EXERCISE OBJECTIVE |
Search the data below for the word "rewrite" and report how many lines contain it, with no added words.

##########

Lemma smooth_decay_continuous (u : R -> R) : smooth_decay u -> forall x, continuous u x.
Proof. intros [Hd _] x. apply (ex_derive_continuous u), (Hd 0%nat x). Qed.

Lemma Schwartz_continuous (phi : R -> C) : Schwartz phi -> forall x, continuous phi x.
Proof.
  intros [Hre Him] x. apply filterlim_C_iff.
  split; [apply (smooth_decay_continuous _ Hre) | apply (smooth_decay_continuous _ Him)].
Qed.

Lemma Rabs_le_1_near_infinity (h : R -> R) :
  is_lim h p_infty 0 -> is_lim h m_infty 0 ->
  exists X, 1 <= X /\ forall x, X <= Rabs x -> Rabs (h x) <= 1.
Proof.
  intros Hp Hm. apply is_lim_spec in Hp, Hm.
  destruct (Hp (mkposreal 1 Rlt_0_1)) as [M1 HM1], (Hm (mkposreal 1 Rlt_0_1)) as [M2 HM2].
  simpl in HM1, HM2.
  exists (Rmax 1 (Rmax (M1 + 1) (- M2 + 1))). split; [apply Rmax_l|]. intros x Hx.
  generalize (Rmax_r 1 (Rmax (M1 + 1) (- M2 + 1))) (Rmax_l (M1 + 1) (- M2 + 1))
    (Rmax_r (M1 + 1) (- M2 + 1)) (Rmax_l 1 (Rmax (M1 + 1) (- M2 + 1))).
  intros. destruct (Rle_dec 0 x).
  - rewrite Rabs_right in Hx by lra. specialize (HM1 x ltac:(lra)). rewrite Rminus_0_r in HM1. lra.
  - rewrite Rabs_left in Hx by lra. specialize (HM2 x ltac:(lra)). rewrite Rminus_0_r in HM2. lra.
Qed.

Lemma smooth_decay_weighted_bound (u : R -> R) m : smooth_decay u ->
  exists D, forall x, Rabs (u x) * (1 + Rabs x) ^ m <= D.
Proof.
  intros Hu. destruct (proj2 Hu m 0%nat) as [Hp Hm].
  destruct (Rabs_le_1_near_infinity _ Hp Hm) as [X [HX HXb]].
  destruct (continuity_ab_maj (fun y => Rabs (u y)) (-X) X) as [x1 [Hx1 _]].
  { lra. }
  { intros y _. apply continuity_pt_filterlim.
    apply (continuous_comp u Rabs); [apply (smooth_decay_continuous _ Hu) | apply continuous_Rabs]. }
  exists (Rmax (2 ^ m) (Rabs (u x1) * (1 + X) ^ m)). intros x.
  assert (Hx0 := Rabs_pos x). assert (Hux := Rabs_pos (u x)).
  destruct (Rle_dec (Rabs x) X) as [Hx | Hx].
  - eapply Rle_trans; [|apply Rmax_r]. apply Rmult_le_compat; try lra.
    + apply pow_le. lra.
    + apply Hx1. now apply Rabs_le_between.
    + apply pow_incr. lra.
  - eapply Rle_trans; [|apply Rmax_l].
    specialize (HXb x ltac:(lra)). simpl in HXb. rewrite Rabs_mult, <- RPow_abs in HXb.
    assert ((1 + Rabs x) ^ m <= 2 ^ m * Rabs x ^ m).
    { rewrite <- Rpow_mult_distr. apply pow_incr. lra. }
    assert (0 <= Rabs x ^ m) by now apply pow_le.
    assert (0 <= 2 ^ m) by (apply pow_le; lra).
    nra.
Qed.

Lemma Cmod_le_Rabs_sum (z : C) : Cmod z <= Rabs (fst z) + Rabs (snd z).
Proof.
  assert (H0 := Rabs_pos (fst z)). assert (H1 := Rabs_pos (snd z)).
  unfold Cmod. rewrite <- (sqrt_Rsqr (Rabs (fst z) + Rabs (snd z))) by lra.
  apply sqrt_le_1_alt. unfold Rsqr. rewrite <- (pow2_abs (fst z)), <- (pow2_abs (snd z)). nra.
Qed.

Lemma Schwartz_weighted_bound (phi : R -> C) m : Schwartz phi ->
  exists D, forall x, Cmod (phi x) * (1 + Rabs x) ^ m <= D.
Proof.
  intros [Hre Him].
  destruct (smooth_decay_weighted_bound _ m Hre) as [D1 HD1].
  destruct (smooth_decay_weighted_bound _ m Him) as [D2 HD2].
  exists (D1 + D2). intros x. specialize (HD1 x). specialize (HD2 x).
  assert (0 <= (1 + Rabs x) ^ m) by (apply pow_le; generalize (Rabs_pos x); lra).
  assert (Hz := Cmod_le_Rabs_sum (phi x)). unfold Re, Im in *. nra.
Qed.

##########

RESULT OF THIS TASK |
6